The planes took off from the town of Lučenec in Banská Bystrica region, heading to Italy. The pilots originally planned to fly with five ultra-light planes from the Italian airport of Campoformido, which was also the starting point of Štefánik’s ill-fated journey on May 4, 1919. They had to change the programme due to bad weather, however, flying instead only from Hungary to Bratislava.
“We had to land in Hungary, thereby shortening the whole route," SFUL’s head flight inspector Marián Sluk told TASR. The planes, with Štefánik’s effigy on their tails, were arranged in a formation of three machines in front and two machines flying in the rear in order to symbolise his three-engine biplane Caproni Ca-33. The only existing replica of this aircraft is on display at Bratislava’s M.R. Štefánik Airport.
The commemorative event was also supported by the Bratislava Airport, which did not collect any airport fees from the SFUL pilots.

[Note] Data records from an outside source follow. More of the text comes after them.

(* Every pairwise balanced lobster has a complete $\alpha$-labeling.
   Context: For a graph $G=(V,E)$ with $m$ edges, an $\alpha$-labeling with critical number $k$ is an injective $f:V\to\{0,\ldots,m\}$ with distinct edge labels $|f(u)-f(v)|$ such that every edge $uv$ satisfies $f(u)\le k<f(v)$ or $f(v)\le k<f(u)$; it is complete if $f$ is bijective. A lobster is a tree whose base (delete all degree-one vertices) is a caterpillar (a tree whose base is a path). A lobster $L$ is described by a spine, a path $(v_1,\ldots,v_r)$, and lobes $F_i$ at $v_i$ (pairwise vertex-disjoint trees meeting the spine only in $v_i$, $L$ being the union of spine and lobes), each lobe $F_i$ consisting of $v_i$, vertices adjacent to $v_i$, and further leaves attached to those vertices; a neighbour of $v_i$ in $F_i$ with no further leaves is a pendant vertex at $v_i$, and a neighbour $u$ of $v_i$ together with its $\ge1$ further leaves is a (non-pendant) branch. A two-spinal-vertex tree $G$ consisting of adjacent vertices $w_1,w_2$, where $w_1$ has $s_1\ge0$ pendant neighbours and non-pendant branches centered at $u_{11},\ldots,u_{1r}$ with $u_{1i}$ having $x_i\ge1$ leaves, and $w_2$ has $s_2\ge0$ pendant neighbours and non-pendant branches centered at $u_{21},\ldots,u_{2s}$ with $u_{2j}$ having $y_j\ge1$ leaves, is balanced if $r=s$ and (when $r>0$) for all $i=1,\ldots,r$: $x_i=y_{r-\frac{i-1}{2}}$, $y_i=x_{r-\frac{i-1}{2}}$ for odd $i$, and $x_i=x_{i/2}$, $y_i=y_{i/2}$ for even $i$. A lobster $L$ is pairwise balanced if $r$ is even and, for each odd $i\in\{1,\ldots,r-1\}$, the subtree consisting of $v_i,v_{i+1}$ together with the lobes $F_i,F_{i+1}$ is balanced (for a suitable indexing of its branches). *)

From mathcomp Require Import all_boot.
Set Implicit Arguments.
Unset Strict Implicit.
Unset Printing Implicit Defensive.

(* A finite simple graph: vertex type T : finType, adjacency e : rel T,
   assumed symmetric and irreflexive in the theorem. *)

Definition edges (T : finType) (e : rel T) : {set {set T}} :=
  [set [set p.1; p.2] | p in [set p : T * T | e p.1 p.2]].

Definition nedges (T : finType) (e : rel T) : nat := #|edges e|.

Definition absdiff (a b : nat) : nat := (a - b) + (b - a).

Definition alpha_labeling (T : finType) (e : rel T) (f : T -> nat) (k : nat) : Prop :=
  injective f /\
  (forall v, f v <= nedges e) /\
  (forall u v u' v', e u v -> e u' v' ->
     absdiff (f u) (f v) = absdiff (f u') (f v') ->
     (u = u' /\ v = v') \/ (u = v' /\ v = u')) /\
  (forall u v, e u v -> (f u <= k < f v) \/ (f v <= k < f u)).

Definition complete_alpha_labeling (T : finType) (e : rel T) (f : T -> nat) (k : nat) : Prop :=
  alpha_labeling e f k /\ (forall n, n <= nedges e -> exists v, f v = n).

(* Spine (v_1,...,v_r) is represented 0-indexed as sp 0, ..., sp (r-1).
   Every non-spine vertex x has a "parent" par x: either par x is a spine
   vertex v_i (x is a neighbour of v_i in the lobe F_i), or par x is a
   non-spine vertex whose parent is a spine vertex (x is a further leaf
   attached to a neighbour of v_i). *)

Definition is_spine (T : finType) (r : nat) (sp : nat -> T) (x : T) : bool :=
  [exists i : 'I_r, sp i == x].

Definition lobster_description (T : finType) (e : rel T) (r : nat)
    (sp : nat -> T) (par : T -> T) : Prop :=
  0 < r /\
  (forall i j, i < r -> j < r -> sp i = sp j -> i = j) /\
  (forall x, ~~ is_spine r sp x ->
     is_spine r sp (par x) \/
     (~~ is_spine r sp (par x) /\ is_spine r sp (par (par x)))) /\
  (forall x y, e x y <->
     ((exists i, i.+1 < r /\
         ((x = sp i /\ y = sp i.+1) \/ (y = sp i /\ x = sp i.+1))) \/
      (~~ is_spine r sp x /\ y = par x) \/
      (~~ is_spine r sp y /\ x = par y))).

Definition nleaves (T : finType) (r : nat) (sp : nat -> T) (par : T -> T) (u : T) : nat :=
  #|[set z | ~~ is_spine r sp z & par z == u]|.

Definition is_branch (T : finType) (r : nat) (sp : nat -> T) (par : T -> T) (w u : T) : bool :=
  [&& ~~ is_spine r sp u, par u == w & 0 < nleaves r sp par u].

(* The two-spinal-vertex tree on w1, w2 (with their lobes) is balanced
   for a suitable indexing of its branches: the branches at w1 are listed
   (without repetition) as xs = [u_11; ...; u_1n], those at w2 as
   ys = [u_21; ...; u_2n] (same number n), and with x_i, y_i the leaf
   counts (1-indexed) the balance conditions hold. *)
Definition balanced_pair (T : finType) (r : nat) (sp : nat -> T) (par : T -> T)
    (w1 w2 : T) : Prop :=
  exists xs ys : seq T,
    uniq xs /\ uniq ys /\
        (forall u, (u \in xs) = is_branch r sp par w1 u) /\
        (forall u, (u \in ys) = is_branch r sp par w2 u) /\
        size xs = size ys /\
        (let n := size xs in
        let X := fun i => nleaves r sp par (nth w1 xs i.-1) in
        let Y := fun i => nleaves r sp par (nth w2 ys i.-1) in
        forall i, 1 <= i <= n ->
          if odd i then X i = Y (n - (i.-1)./2) /\ Y i = X (n - (i.-1)./2)
          else X i = X (i./2) /\ Y i = Y (i./2)).

(* Pairwise balanced lobster: has a spine/lobe description with r even such
   that for each odd i in {1,...,r-1} (0-indexed: even j with j+1 < r) the
   pair v_i, v_{i+1} with lobes F_i, F_{i+1} is balanced. *)
Definition pairwise_balanced_lobster (T : finType) (e : rel T) : Prop :=
  exists (r : nat) (sp : nat -> T) (par : T -> T),
    lobster_description e r sp par /\ ~~ odd r /\
    (forall j, j.+1 < r -> ~~ odd j -> balanced_pair r sp par (sp j) (sp j.+1)).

Štefánik was one of the most significant figures of Slovakia's modern history. He was born in 1880 in the village of Košariská and died in a plane crash near Bratislava. He was an outstanding astronomer, military pilot, French military general and one of the first Slovaks who several times ascended Mont Blanc. He was instrumental in setting up Czechoslovakia in 1918 along with the country’s first president Tomáš Garrigue Masaryk.